Let $\bar{\mathbf{Q}}$ be an algebraic closure of the rationals, and $\alpha$ denote an algebraic number in $\bar{\mathbf{Q}}$. We define the height of $\alpha$, denoted by $H(\alpha)$, to be $$H(\alpha) = \left( \prod_v \max(1,\Vert \alpha\Vert_v) \right)^{1/[K:\mathbf{Q}]}.$$ Here $K$ is a number field containing $\alpha$ and the product runs over the set of normalized valuations $v$ of $K$. For a non-empty finite subset $B\subset \bar{\mathbf{Q}}$, we define $$H(B) := \max \{H(\alpha) \ | \ \alpha\in B\}.$$

Now, let $K$ be a number field and let $\alpha$ be an algebraic number contained in $K$. Let $B$ be the set of conjugates of $\alpha$.
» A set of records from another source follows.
Definition k_geodesic (R : realFieldType) (k : nat) (H G : graph)
    (f : gV H -> gV G) (g : gE H -> gE G) (l : gE G -> R) : Prop :=
  forall A : {set gV H}, (#|A| <= k)%N ->
    sd (l \o g) [set: gV H] [set: gE H] A = sd l [set: gV G] [set: gE G] (f @: A).

Definition fully_geodesic (R : realFieldType) (H G : graph)
    (f : gV H -> gV G) (g : gE H -> gE G) (l : gE G -> R) : Prop :=
  forall k, k_geodesic k f g l.

Definition in_Hk (R : realFieldType) (k : nat) (H : graph) : Prop :=
  forall (G : graph) (f : gV H -> gV G) (g : gE H -> gE G) (l : gE G -> R),
    embedding f g -> lengthfun l ->
    k_geodesic k f g l -> fully_geodesic f g l.

(* G = T \cup H where H is embedded via (f, g) and T = (VT, ET) is a subgraph
   of G; T is a shortcut tree for H w.r.t. the length-function l on G. *)
Definition shortcut_tree (R : realFieldType) (H G : graph)
    (f : gV H -> gV G) (g : gE H -> gE G)
    (VT : {set gV G}) (ET : {set gE G}) (l : gE G -> R) : Prop :=
  (forall v : gV G, v \in VT \/ v \in f @: [set: gV H]) /\
  (forall e : gE G, e \in ET \/ e \in g @: [set: gE H]) /\
  treeb VT ET /\
  VT :&: (f @: [set: gV H]) = leaves VT ET /\
  ET :&: (g @: [set: gE H]) = set0 /\
  olt (Some (len l ET))
                 (sd (l \o g) [set: gV H] [set: gE H] (f @^-1: leaves VT ET)) /\
  (forall B : {set gV G}, B \proper leaves VT ET ->
                ole (sd (l \o g) [set: gV H] [set: gE H] (f @^-1: B))
                    (sd l VT ET B)).

(* If T is a shortcut tree with leaf set L, then H is not fully geodesic in
   G = H + T, by SCT3. It is, however, k-geodesic for every k < |L|: a connected
   subgraph S of G containing f(A), |A| < |L|, can be traded for a subgraph of H
   that is no longer, by induction on the number of tree edges of S. Let C be a
   component of the tree edges of S. If C misses a leaf, SCT4 joins the leaves
   of C inside H at no greater cost, and that subgraph replaces C. If C
   contains all leaves, then, as |A| < |L|, some leaf x has no vertex of f(A) on
   its side of its pendant edge, so that side and the pendant edge can be cut off.
   Conversely, if H is k-geodesic but not fully geodesic, take A minimal with
   sd_H(A) > sd_G(f(A)), so |A| > k. A minimal Steiner subgraph of f(A) in G has
   its leaves in f(A); a copy of it, attached to A by short pendant edges, is a
   shortcut tree with leaf set A: SCT3 holds because the pendant edges are short,
   SCT4 by the minimality of A. *)

From HB Require Import structures.
From mathcomp Require Import all_boot all_order all_algebra.
From mathcomp Require Import ring lra.
Set Implicit Arguments. Unset Strict Implicit. Unset Printing Implicit Defensive.
Import Order.TTheory GRing.Theory Num.Theory.
Local Open Scope ring_scope.

Section OptionOrder.
Variable R : realFieldType.
Implicit Types x y z : option R.

Lemma ole_trans x y z : ole x y -> ole y z -> ole x z.
Proof. by case: x; case: y; case: z => //= a b c; apply: le_trans. Qed.

Lemma ole_anti x y : ole x y -> ole y x -> x = y.
Proof. by case: x; case: y => //= a b h1 h2; congr Some; apply/eqP; rewrite eq_le h1 h2. Qed.

Lemma ole_olt_trans x y z : ole x y -> olt y z -> olt x z.
Proof. by case: x; case: y; case: z => //= a b c; apply: le_lt_trans. Qed.

Lemma oltxx x : olt x x = false.
Proof. by case: x => //= a; rewrite ltxx. Qed.

Lemma oltNge x y : olt y x = ~~ ole x y.
Proof. by case: x; case: y => //= a b; rewrite ltNge. Qed.

Lemma omin_lel x y : ole (omin x y) x.
Proof. by case: x; case: y => //= a b; rewrite ge_min lexx ?orbT. Qed.

Lemma omin_ler x y : ole (omin x y) y.
Proof. by case: x; case: y => //= a b; rewrite ge_min lexx ?orbT. Qed.

Variables (T : finType) (P : pred T) (F : T -> R).

Lemma big_omin_le i : P i -> ole (\big[@omin R/None]_(j | P j) Some (F j)) (Some (F i)).
Proof.
have : i \in index_enum T by rewrite mem_index_enum.
elim: (index_enum T) => [|j r IH] //=; rewrite big_cons inE => /orP [/eqP <- -> | ir Pi].
  exact: omin_lel.
case: (P j); last exact: IH.
exact: ole_trans (omin_ler _ _) (IH ir Pi).
Qed.

Lemma big_omin_attained : \big[@omin R/None]_(j | P j) Some (F j) = None \/
  exists2 i, P i & \big[@omin R/None]_(j | P j) Some (F j) = Some (F i).
Proof.
elim: (index_enum T) => [|j r IH]; first by rewrite big_nil; left.
rewrite big_cons; case: (P j) / idP => [Pj|//].
case: IH => [->|[i Pi ->]]; first by right; exists j.
by right; rewrite /= /Num.min; case: ifP => _; [exists j | exists i].
Qed.

End OptionOrder.

Lemma connect_homo (T1 T2 : finType) (e1 : rel T1) (e2 : rel T2) (phi : T1 -> T2) x y :
  connect e1 x y -> (forall a b, e1 a b -> connect e2 (phi a) (phi b)) ->
  connect e2 (phi x) (phi y).
Proof.
move=> /connectP [p pth ->] H; elim: p x pth => [|z p IH] x /=; first by rewrite connect0.
by case/andP => /H exz /IH; apply: connect_trans.
Qed.

Lemma imset_preimset (T T' : finType) (h : T -> T') (X : {set T'}) :
  X \subset h @: [set: T] -> h @: (h @^-1: X) = X.
Proof.
move=> sX; apply/setP => y; apply/imsetP/idP => [[x] | yX]; first by rewrite inE => hx ->.
by case/imsetP: (subsetP sX _ yX) => x _ yx; exists x; rewrite // inE -yx.
Qed.

Lemma preimset_imset (T T' : finType) (h : T -> T') (X : {set T}) :
  injective h -> h @^-1: (h @: X) = X.
Proof. by move=> hi; apply/setP => x; rewrite inE mem_imset. Qed.

Section Graph.
Variable G : graph.
Implicit Types (VS A : {set gV G}) (ES : {set gE G}) (e : gE G) (u v w x y : gV G).

Definition steinerb VS ES A (p : {set gV G} * {set gE G}) : bool :=
  [&& subgraphb p.1 p.2, p.1 \subset VS, p.2 \subset ES, connectedb p.1 p.2 & A \subset p.1].

Definition incid e v := ((gends e).1 == v) || ((gends e).2 == v).

Definition other_end e v := if (gends e).1 == v then (gends e).2 else (gends e).1.

Lemma joinsC e x y : joins e x y = joins e y x.
Proof. by rewrite /joins orbC. Qed.

Lemma joins_ends e x y : joins e x y ->
  (x = (gends e).1 /\ y = (gends e).2) \/ (x = (gends e).2 /\ y = (gends e).1).
Proof. by case/orP => /eqP ->; [left | right]. Qed.

Lemma joins_gends e : joins e (gends e).1 (gends e).2.
Proof. by rewrite /joins -surjective_pairing eqxx. Qed.

Lemma incid_gends e : incid e (gends e).1 /\ incid e (gends e).2.
Proof. by rewrite /incid !eqxx orbT. Qed.

Lemma joins_incid e x y : joins e x y -> incid e x /\ incid e y.
Proof. by case/joins_ends => -[-> ->]; case: (incid_gends e). Qed.

Lemma other_end_neq e v : incid e v -> other_end e v != v.
Proof.
rewrite /incid /other_end; case: ifP => [/eqP <- _|-> //]; by rewrite eq_sym gnoloop.
Qed.

Lemma joins_other_end e v : incid e v -> joins e v (other_end e v).
Proof.
rewrite /incid /other_end /joins.
by case: ifP => [/eqP <- | _ /= /eqP <-]; rewrite -surjective_pairing eqxx ?orbT.
Qed.

Lemma joins_incidE e v x y : incid e v -> joins e x y ->
  (x = v /\ y = other_end e v) \/ (x = other_end e v /\ y = v).
Proof.
rewrite /incid /other_end => ev /joins_ends [] [-> ->]; case: ifP => [/eqP ->|h];
  by [left | right | move: ev; rewrite h => /eqP ->; right | move: ev; rewrite h => /eqP ->; left].
Qed.

Lemma adjP ES x y : reflect (exists2 e, e \in ES & joins e x y) (adj ES x y).
Proof.
apply: (iffP existsP) => [[e /andP [eE j]]|[e eE j]]; first by exists e.
by exists e; rewrite eE.
Qed.

Lemma adj_sym ES : symmetric (adj ES).
Proof. by move=> x y; apply/adjP/adjP => -[e eE j]; exists e; rewrite // joinsC. Qed.

Lemma connect_adjC ES x y : connect (adj ES) x y = connect (adj ES) y x.
Proof. exact: sym_connect_sym (adj_sym ES) x y. Qed.

Lemma adj_gends ES e : e \in ES -> adj ES (gends e).1 (gends e).2.
Proof. by move=> eE; apply/adjP; exists e => //; apply: joins_gends. Qed.

Lemma connect_adj_subset ES ES' x y :
  ES \subset ES' -> connect (adj ES) x y -> connect (adj ES') x y.
Proof.
move=> sub; apply: connect_sub => u v /adjP [e eE j]; apply: connect1; apply/adjP.
by exists e => //; apply: (subsetP sub).
Qed.

Lemma subgraphP VS ES :
  reflect (forall e, e \in ES -> (gends e).1 \in VS /\ (gends e).2 \in VS) (subgraphb VS ES).
Proof. by apply: (iffP forall_inP) => H e /H /andP. Qed.

Lemma subgraph_subset VS ES ES' : subgraphb VS ES -> ES' \subset ES -> subgraphb VS ES'.
Proof. by move=> /subgraphP sg sub; apply/subgraphP => e /(subsetP sub) /sg. Qed.

Lemma connect_subgraph VS ES x y :
  subgraphb VS ES -> x \in VS -> connect (adj ES) x y -> y \in VS.
Proof.
move=> /subgraphP sg xV /connectP [p pth ->]; elim: p x xV pth => [|z p IH] x xV //=.
by case/andP => /adjP [e /sg [h1 h2] /joins_ends [] [_ ->]] /IH; apply.
Qed.

Lemma connectedP VS ES :
  reflect {in VS &, forall x y, connect (adj ES) x y} (connectedb VS ES).
Proof.
apply: (iffP forall_inP) => [H x y /H /forall_inP|H x xV]; first exact.
by apply/forall_inP => y; apply: H.
Qed.

Lemma connect_incid ES x y : connect (adj ES) x y -> x != y ->
  exists2 e, e \in ES & incid e x.
Proof.
case/connectP => -[|z p] /=; first by move=> _ ->; rewrite eqxx.
by case/andP => /adjP [e eE /joins_incid []] ex _ _ _; exists e.
Qed.

Lemma connect_setD1 ES e w z : connect (adj ES) w z ->
  [\/ connect (adj (ES :\ e)) w z, connect (adj (ES :\ e)) w (gends e).1 |
      connect (adj (ES :\ e)) w (gends e).2].
Proof.
case/connectP => p pth ->; elim: p w pth => [|y p IH] w /=; first by constructor 1.
case/andP => /adjP [e1 e1E j] /IH IHy.
have [ee|ne] := eqVneq e1 e.
  by rewrite ee in j; case: (joins_ends j) => [] [-> _]; [constructor 2 | constructor 3];
    rewrite connect0.
have a : adj (ES :\ e) w y by apply/adjP; exists e1; rewrite ?inE ?ne.
by case: IHy => h; [constructor 1 | constructor 2 | constructor 3];
  apply: connect_trans (connect1 a) h.
Qed.

Lemma connect_del_pendant ES e v x y : e \in ES ->
  (forall e', e' \in ES -> incid e' v -> e' = e) -> incid e v ->
  x != v -> y != v -> connect (adj ES) x y -> connect (adj (ES :\ e)) x y.
Proof.
move=> eE uniq ev xv yv cxy.
pose phi w := if w == v then other_end e v else w. (* contracts [e] *)
suff : connect (adj (ES :\ e)) (phi x) (phi y) by rewrite /phi (negPf xv) (negPf yv).
apply: (connect_homo cxy) => a b /adjP [e' e'E j].
have [ee|ne] := eqVneq e' e.
  rewrite ee in j; case: (joins_incidE ev j) => -[-> ->];
  by rewrite /phi eqxx (negPf (other_end_neq ev)) connect0.
have : ~~ incid e' v by apply: contra ne => /(uniq _ e'E) ->.
rewrite /incid negb_or => /andP [n1 n2].
apply: connect1; apply/adjP; exists e'; first by rewrite !inE ne.
case: (joins_ends j) => -[-> ->]; rewrite /phi (negPf n1) (negPf n2); last rewrite joinsC;
  exact: joins_gends.
Qed.

Lemma degree_gt1 ES v e1 e2 : e1 \in ES -> e2 \in ES ->
  e1 != e2 -> incid e1 v -> incid e2 v -> (1 < degree ES v)%N.
Proof. by move=> h1 h2 ne i1 i2; apply/card_gt1P; exists e1, e2; rewrite !inE h1 h2. Qed.

Definition component ES u := [set w | connect (adj ES) u w].
Definition component_edges ES u := [set e in ES | (gends e).1 \in component ES u].

Lemma component_gends ES u e :
  e \in ES -> ((gends e).1 \in component ES u) = ((gends e).2 \in component ES u).
Proof.
move=> eE; rewrite !inE; apply: same_connect_r; first exact: sym_connect_sym (adj_sym ES).
exact: connect1 (adj_gends eE).
Qed.

Lemma component_subgraph ES u : subgraphb (component ES u) (component_edges ES u).
Proof.
apply/subgraphP => e; rewrite inE => /andP [eE h]; split => //.
by rewrite -component_gends.
Qed.

Lemma component_connected ES u : connectedb (component ES u) (component_edges ES u).
Proof.
suff hub w : w \in component ES u -> connect (adj (component_edges ES u)) u w.
  apply/connectedP => x y /hub ux /hub uy.
  by apply: connect_trans uy; rewrite connect_adjC.
rewrite inE => /connectP [p pth ->].
suff walk x : x \in component ES u -> path (adj ES) x p ->
    connect (adj (component_edges ES u)) x (last x p).
  by apply: walk pth; rewrite inE connect0.
elim: p x {pth} => [|z p IH] x xC /=; first by rewrite connect0.
case/andP => /adjP [e eE j] pth.
have eC : e \in component_edges ES u.
  by rewrite inE eE; case: (joins_ends j) xC => -[-> _] //; rewrite component_gends.
have zC : z \in component ES u.
  by case: (joins_ends j) xC => -[-> ->] //; rewrite component_gends.
by apply: connect_trans (connect1 _) (IH _ zC pth); apply/adjP; exists e.
Qed.

Lemma component_edges_subset ES u : component_edges ES u \subset ES.
Proof. by apply/subsetP => e; rewrite inE => /andP []. Qed.

Variable R : realFieldType.
Implicit Types (l : gE G -> R) (X Y : {set gE G}).

Lemma len_ge0 l X : lengthfun l -> 0 <= len l X.
Proof. by move=> lf; apply: sumr_ge0 => e _; apply: ltW. Qed.

Lemma len_setD l X Y : Y \subset X -> len l X = len l Y + len l (X :\: Y).
Proof. by move=> sub; rewrite /len (big_setID (A := X) Y) /= (setIidPr sub). Qed.

Lemma len_subset l X Y : lengthfun l -> X \subset Y -> len l X <= len l Y.
Proof. by move=> lf sub; rewrite (len_setD l sub) lerDl len_ge0. Qed.

Lemma len_setD1 l X e : e \in X -> len l X = l e + len l (X :\ e).
Proof. by move=> eX; rewrite /len (big_setD1 e eX). Qed.

Lemma len_setU l X Y : lengthfun l -> len l (X :|: Y) <= len l X + len l Y.
Proof.
move=> lf; rewrite (@len_setD l (X :|: Y) X) ?subsetUl // lerD2l.
by apply: len_subset => //; apply/subsetP => e; rewrite !inE; case: (e \in X).
Qed.

Lemma sd_le_steiner l VS ES A p : steinerb VS ES A p -> ole (sd l VS ES A) (Some (len l p.2)).
Proof. exact: (@big_omin_le _ _ (steinerb VS ES A) (fun p => len l p.2)). Qed.

Lemma sd_attained l VS ES A : sd l VS ES A = None \/
  exists2 p, steinerb VS ES A p & sd l VS ES A = Some (len l p.2).
Proof. exact: (@big_omin_attained _ _ (steinerb VS ES A) (fun p => len l p.2)). Qed.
**Question.** Can we bound $H(B)$ from above in terms of data depending only on $\alpha$ and $K$?

**Example.** The number of elements of $B$ is less or equal to $[K:\mathbf{Q}]$.

I'm looking for a bound of the form $H(B)\leq H(\alpha)^{[K:\mathbf{Q}]}$ if possible.